↓↓↓
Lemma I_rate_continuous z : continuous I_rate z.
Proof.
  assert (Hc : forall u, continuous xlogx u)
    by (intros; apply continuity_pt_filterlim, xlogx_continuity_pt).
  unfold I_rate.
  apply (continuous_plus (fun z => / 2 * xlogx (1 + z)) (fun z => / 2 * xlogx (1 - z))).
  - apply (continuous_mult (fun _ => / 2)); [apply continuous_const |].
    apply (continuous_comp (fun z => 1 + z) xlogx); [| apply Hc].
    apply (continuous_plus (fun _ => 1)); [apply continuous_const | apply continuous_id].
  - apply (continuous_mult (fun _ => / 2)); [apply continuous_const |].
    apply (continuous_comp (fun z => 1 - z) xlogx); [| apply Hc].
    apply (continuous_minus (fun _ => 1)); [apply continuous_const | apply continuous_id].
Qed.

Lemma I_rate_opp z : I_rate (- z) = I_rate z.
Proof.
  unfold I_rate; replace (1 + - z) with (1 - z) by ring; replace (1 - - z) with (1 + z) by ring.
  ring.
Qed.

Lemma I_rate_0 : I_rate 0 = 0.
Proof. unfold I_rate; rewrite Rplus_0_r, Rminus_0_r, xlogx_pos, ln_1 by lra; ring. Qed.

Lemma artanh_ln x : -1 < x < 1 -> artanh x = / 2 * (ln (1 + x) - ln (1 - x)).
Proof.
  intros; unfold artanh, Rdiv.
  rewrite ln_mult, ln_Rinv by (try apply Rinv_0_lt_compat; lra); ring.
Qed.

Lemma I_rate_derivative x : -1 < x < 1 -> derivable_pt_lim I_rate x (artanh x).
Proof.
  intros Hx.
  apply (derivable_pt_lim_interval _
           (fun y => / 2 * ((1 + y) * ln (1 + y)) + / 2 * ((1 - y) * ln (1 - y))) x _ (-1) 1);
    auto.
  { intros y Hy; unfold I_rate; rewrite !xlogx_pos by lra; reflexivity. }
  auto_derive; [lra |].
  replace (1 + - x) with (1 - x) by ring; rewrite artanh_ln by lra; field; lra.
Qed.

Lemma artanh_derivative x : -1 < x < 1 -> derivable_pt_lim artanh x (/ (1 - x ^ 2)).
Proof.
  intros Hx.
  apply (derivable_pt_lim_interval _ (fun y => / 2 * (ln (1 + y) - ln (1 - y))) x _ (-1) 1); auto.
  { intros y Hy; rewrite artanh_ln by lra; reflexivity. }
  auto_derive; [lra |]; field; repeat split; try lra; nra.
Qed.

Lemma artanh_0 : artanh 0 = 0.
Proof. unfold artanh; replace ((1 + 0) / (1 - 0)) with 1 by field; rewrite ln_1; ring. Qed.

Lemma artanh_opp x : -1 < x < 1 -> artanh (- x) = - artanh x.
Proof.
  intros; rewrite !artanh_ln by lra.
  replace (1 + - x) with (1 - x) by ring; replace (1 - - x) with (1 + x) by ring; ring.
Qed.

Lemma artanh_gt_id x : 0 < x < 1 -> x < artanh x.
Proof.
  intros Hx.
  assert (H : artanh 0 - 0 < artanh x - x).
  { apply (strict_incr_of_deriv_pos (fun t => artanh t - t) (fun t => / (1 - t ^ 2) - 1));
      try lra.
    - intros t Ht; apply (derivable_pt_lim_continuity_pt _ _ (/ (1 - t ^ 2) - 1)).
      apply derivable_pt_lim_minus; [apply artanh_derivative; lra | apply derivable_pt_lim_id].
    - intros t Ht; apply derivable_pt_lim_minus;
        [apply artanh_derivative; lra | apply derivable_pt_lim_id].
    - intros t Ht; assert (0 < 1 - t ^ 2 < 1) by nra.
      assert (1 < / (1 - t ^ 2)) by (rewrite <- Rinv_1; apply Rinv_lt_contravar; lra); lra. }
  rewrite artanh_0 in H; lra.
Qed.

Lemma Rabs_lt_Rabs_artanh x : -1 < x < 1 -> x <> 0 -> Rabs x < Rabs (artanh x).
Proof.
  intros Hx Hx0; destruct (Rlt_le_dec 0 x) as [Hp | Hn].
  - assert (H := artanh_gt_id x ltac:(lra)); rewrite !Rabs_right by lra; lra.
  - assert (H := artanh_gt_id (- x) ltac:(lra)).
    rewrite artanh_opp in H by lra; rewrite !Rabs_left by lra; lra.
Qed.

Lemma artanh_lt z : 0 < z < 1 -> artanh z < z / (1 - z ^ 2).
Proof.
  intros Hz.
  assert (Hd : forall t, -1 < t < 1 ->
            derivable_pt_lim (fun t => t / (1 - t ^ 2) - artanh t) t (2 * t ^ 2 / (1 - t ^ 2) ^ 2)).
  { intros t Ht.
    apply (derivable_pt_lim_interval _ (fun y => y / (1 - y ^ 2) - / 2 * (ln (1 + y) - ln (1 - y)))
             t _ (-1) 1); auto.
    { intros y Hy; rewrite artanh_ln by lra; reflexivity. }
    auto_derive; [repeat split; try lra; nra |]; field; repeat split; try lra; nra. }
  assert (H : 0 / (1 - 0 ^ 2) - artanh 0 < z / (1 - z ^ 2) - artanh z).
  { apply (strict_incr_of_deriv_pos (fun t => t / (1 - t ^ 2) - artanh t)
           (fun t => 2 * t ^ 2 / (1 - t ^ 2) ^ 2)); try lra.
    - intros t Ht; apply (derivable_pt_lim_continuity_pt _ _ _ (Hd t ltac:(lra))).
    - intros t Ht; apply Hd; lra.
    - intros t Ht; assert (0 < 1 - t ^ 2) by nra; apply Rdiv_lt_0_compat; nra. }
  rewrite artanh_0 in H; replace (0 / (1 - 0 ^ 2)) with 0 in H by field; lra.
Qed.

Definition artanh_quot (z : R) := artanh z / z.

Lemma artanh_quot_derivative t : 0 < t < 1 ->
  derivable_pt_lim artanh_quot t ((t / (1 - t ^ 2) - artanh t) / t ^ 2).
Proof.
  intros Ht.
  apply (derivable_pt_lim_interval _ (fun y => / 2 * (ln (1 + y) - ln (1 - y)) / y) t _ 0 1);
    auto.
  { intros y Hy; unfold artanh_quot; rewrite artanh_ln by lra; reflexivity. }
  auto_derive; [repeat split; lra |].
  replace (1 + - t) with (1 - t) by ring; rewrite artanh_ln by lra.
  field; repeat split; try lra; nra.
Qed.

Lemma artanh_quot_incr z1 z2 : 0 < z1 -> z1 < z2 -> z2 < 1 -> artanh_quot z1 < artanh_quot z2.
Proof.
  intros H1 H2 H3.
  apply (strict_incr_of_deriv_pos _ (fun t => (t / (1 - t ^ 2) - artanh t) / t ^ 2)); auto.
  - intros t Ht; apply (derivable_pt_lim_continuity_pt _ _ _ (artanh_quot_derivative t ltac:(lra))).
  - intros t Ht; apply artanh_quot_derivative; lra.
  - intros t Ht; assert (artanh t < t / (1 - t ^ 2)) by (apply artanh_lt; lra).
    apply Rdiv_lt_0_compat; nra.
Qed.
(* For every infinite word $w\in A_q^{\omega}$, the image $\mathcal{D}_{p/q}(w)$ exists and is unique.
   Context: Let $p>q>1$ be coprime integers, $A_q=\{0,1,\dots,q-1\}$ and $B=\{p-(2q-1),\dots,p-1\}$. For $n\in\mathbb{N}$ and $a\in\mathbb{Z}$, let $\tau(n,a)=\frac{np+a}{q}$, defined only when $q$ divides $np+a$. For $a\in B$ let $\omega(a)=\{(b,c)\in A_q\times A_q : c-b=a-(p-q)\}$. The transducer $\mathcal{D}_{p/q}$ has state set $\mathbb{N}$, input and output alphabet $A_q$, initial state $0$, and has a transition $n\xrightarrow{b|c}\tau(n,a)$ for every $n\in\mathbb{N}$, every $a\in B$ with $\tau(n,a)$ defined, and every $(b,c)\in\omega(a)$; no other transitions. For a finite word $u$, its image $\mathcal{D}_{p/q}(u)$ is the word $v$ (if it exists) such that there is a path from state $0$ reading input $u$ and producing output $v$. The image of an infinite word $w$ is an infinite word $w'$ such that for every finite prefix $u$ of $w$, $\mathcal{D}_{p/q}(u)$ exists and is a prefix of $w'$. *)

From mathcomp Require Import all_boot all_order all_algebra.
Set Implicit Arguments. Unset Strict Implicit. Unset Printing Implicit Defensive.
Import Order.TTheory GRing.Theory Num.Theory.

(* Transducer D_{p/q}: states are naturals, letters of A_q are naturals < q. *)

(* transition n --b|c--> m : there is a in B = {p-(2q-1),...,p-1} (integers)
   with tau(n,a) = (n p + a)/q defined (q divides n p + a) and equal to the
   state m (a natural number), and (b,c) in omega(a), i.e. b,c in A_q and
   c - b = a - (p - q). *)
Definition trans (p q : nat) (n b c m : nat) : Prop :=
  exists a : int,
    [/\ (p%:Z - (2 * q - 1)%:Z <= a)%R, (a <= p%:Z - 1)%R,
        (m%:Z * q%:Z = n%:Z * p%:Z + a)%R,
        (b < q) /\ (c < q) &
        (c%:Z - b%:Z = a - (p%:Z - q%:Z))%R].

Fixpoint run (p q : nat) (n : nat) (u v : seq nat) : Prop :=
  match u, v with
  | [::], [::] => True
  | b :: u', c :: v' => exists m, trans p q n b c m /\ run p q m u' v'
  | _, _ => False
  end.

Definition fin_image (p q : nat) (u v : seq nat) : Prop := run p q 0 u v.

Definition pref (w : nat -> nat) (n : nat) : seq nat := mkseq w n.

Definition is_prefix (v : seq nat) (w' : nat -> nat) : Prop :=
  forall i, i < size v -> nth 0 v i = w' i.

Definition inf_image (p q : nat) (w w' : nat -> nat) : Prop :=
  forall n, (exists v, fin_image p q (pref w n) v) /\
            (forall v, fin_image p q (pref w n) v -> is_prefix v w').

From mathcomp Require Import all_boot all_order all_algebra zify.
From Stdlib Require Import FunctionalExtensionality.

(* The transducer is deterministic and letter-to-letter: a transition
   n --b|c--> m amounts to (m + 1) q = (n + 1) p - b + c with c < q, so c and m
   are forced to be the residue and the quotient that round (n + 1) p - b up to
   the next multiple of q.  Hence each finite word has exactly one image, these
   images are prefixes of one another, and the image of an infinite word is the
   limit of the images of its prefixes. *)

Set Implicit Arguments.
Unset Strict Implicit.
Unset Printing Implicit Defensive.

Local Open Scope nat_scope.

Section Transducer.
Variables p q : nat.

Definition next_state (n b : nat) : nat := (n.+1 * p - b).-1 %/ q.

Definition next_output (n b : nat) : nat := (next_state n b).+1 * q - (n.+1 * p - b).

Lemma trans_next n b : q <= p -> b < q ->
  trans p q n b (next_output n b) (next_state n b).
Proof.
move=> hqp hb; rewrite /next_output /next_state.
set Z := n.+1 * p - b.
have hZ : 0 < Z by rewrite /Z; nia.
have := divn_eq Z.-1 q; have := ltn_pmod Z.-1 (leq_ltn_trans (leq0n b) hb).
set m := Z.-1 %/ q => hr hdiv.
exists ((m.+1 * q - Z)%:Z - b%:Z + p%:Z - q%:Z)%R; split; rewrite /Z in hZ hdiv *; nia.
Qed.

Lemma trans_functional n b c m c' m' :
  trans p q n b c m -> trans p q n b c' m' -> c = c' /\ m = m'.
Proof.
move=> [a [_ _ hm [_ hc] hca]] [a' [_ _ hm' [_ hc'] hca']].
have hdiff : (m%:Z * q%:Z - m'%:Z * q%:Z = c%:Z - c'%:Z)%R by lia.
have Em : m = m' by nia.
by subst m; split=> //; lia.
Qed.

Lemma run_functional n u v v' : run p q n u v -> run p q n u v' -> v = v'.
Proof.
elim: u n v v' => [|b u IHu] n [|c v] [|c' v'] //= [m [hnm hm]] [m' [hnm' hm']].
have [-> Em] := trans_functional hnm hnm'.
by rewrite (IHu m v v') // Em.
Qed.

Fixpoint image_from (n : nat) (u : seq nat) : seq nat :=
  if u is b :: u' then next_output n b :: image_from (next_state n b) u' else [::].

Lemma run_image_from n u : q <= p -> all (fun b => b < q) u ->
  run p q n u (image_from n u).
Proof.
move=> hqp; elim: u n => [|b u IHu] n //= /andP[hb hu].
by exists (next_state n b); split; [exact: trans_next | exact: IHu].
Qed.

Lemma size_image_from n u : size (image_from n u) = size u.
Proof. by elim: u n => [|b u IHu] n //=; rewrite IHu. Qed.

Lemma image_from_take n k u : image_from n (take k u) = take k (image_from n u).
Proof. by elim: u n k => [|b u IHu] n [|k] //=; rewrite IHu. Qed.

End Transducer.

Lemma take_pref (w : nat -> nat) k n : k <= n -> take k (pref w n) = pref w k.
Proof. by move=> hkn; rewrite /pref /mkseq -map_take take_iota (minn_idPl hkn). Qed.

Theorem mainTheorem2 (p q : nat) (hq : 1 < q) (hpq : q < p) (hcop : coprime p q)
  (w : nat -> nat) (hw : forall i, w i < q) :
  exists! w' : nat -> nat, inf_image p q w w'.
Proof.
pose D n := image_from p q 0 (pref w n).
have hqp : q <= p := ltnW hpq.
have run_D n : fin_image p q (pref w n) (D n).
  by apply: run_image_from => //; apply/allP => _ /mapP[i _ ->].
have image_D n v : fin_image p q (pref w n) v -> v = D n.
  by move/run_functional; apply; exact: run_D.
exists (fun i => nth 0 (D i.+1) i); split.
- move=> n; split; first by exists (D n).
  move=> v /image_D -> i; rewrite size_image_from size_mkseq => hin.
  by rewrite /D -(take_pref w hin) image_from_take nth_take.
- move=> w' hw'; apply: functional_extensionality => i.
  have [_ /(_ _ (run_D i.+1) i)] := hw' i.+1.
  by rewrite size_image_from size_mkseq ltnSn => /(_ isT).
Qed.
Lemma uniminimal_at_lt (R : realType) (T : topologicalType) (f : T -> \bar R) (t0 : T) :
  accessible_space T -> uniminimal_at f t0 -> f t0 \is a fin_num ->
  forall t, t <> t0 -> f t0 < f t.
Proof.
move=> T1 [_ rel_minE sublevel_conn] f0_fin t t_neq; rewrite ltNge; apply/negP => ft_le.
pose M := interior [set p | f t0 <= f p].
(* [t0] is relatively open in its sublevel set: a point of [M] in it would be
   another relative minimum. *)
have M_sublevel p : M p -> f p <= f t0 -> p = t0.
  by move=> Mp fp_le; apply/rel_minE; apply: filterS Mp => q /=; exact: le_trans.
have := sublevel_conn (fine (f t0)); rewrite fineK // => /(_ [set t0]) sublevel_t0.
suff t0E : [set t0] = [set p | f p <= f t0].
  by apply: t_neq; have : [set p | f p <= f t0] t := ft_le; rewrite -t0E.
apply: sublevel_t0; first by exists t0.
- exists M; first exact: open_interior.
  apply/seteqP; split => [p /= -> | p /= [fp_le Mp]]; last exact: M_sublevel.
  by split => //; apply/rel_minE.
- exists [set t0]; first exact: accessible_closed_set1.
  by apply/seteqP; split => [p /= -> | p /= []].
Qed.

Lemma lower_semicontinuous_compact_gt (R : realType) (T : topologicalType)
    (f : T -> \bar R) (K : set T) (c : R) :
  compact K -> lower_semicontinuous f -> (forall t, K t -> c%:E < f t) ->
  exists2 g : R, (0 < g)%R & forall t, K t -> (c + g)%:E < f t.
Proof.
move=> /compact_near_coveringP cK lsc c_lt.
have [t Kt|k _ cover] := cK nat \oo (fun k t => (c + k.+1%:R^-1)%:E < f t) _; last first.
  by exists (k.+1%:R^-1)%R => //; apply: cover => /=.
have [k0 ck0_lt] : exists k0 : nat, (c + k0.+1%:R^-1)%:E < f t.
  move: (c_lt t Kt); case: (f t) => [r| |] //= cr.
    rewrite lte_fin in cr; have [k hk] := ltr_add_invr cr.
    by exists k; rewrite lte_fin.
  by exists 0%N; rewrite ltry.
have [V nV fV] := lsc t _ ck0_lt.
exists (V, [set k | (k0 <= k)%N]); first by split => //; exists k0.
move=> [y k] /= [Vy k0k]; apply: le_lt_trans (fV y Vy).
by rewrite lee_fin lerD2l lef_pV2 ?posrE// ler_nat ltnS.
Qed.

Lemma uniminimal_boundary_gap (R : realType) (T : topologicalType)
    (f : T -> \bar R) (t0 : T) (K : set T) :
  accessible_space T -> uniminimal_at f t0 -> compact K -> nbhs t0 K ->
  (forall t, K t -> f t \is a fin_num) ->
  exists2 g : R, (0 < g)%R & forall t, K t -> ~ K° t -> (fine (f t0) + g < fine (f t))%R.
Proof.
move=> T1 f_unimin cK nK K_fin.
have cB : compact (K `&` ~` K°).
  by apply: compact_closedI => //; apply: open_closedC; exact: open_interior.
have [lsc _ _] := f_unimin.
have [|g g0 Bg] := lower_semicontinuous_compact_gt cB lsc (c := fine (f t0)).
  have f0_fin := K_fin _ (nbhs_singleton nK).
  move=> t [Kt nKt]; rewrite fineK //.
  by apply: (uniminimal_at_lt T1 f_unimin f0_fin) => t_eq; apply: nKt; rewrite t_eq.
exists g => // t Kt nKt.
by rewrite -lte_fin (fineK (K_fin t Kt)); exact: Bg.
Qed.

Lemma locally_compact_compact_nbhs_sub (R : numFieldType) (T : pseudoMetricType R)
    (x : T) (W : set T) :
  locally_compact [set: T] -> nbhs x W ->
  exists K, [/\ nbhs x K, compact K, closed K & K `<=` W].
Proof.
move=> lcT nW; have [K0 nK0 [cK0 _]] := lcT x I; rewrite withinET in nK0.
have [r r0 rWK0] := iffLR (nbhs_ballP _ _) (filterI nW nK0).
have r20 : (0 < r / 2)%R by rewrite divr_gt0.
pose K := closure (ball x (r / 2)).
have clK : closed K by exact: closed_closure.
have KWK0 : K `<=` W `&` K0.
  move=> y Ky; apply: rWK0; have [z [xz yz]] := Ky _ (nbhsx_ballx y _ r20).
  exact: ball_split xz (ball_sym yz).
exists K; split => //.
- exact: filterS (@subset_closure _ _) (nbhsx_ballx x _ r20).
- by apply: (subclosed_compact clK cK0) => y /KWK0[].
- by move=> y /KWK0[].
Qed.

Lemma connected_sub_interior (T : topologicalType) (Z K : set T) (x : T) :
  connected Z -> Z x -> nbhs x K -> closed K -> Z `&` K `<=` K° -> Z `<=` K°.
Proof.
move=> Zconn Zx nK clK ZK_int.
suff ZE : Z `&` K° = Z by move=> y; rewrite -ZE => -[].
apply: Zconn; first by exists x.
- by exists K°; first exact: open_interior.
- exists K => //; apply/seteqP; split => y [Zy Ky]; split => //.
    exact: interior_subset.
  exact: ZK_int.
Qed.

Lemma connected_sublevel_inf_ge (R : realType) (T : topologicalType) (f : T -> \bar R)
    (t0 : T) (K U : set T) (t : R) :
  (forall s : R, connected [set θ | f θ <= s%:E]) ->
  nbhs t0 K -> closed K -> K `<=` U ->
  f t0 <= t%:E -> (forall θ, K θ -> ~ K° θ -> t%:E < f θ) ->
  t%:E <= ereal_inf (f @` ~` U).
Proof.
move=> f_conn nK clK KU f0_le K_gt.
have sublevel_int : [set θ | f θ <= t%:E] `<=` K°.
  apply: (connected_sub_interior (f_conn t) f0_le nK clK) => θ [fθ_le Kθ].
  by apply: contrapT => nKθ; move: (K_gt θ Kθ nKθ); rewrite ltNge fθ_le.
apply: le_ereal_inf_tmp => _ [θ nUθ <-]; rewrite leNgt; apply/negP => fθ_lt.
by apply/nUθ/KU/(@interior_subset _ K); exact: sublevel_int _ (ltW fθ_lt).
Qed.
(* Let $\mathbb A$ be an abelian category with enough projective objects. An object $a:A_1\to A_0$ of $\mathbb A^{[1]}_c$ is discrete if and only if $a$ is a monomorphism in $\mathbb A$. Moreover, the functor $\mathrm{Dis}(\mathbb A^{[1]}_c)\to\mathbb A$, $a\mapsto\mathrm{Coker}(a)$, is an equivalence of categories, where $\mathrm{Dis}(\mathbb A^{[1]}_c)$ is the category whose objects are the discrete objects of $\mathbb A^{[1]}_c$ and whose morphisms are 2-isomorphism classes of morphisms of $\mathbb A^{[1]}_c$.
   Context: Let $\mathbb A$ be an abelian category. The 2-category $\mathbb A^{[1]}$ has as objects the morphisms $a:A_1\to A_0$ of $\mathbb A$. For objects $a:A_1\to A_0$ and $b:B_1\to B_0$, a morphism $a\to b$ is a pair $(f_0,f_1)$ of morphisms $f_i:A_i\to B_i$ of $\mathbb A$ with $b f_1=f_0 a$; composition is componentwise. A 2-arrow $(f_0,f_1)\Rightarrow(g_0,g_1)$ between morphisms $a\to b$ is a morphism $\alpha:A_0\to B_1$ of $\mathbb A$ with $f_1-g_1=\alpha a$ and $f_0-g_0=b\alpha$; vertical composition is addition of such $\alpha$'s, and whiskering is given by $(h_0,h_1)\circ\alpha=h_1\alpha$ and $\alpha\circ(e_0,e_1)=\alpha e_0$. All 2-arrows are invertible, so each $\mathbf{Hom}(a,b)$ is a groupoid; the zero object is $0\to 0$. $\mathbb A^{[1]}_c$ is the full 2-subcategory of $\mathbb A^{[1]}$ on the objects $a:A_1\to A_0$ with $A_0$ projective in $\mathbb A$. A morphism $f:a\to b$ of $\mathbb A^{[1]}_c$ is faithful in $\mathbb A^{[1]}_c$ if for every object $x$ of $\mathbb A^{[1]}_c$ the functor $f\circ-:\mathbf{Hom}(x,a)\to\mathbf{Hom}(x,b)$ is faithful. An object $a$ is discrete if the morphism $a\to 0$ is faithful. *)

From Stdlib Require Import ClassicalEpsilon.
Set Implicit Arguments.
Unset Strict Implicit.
↑↑↑
Among the entries above, which lines include "prefixes"? List them all.

Answer to this exercise
   images are prefixes of one another, and the image of an infinite word is the
   limit of the images of its prefixes. *)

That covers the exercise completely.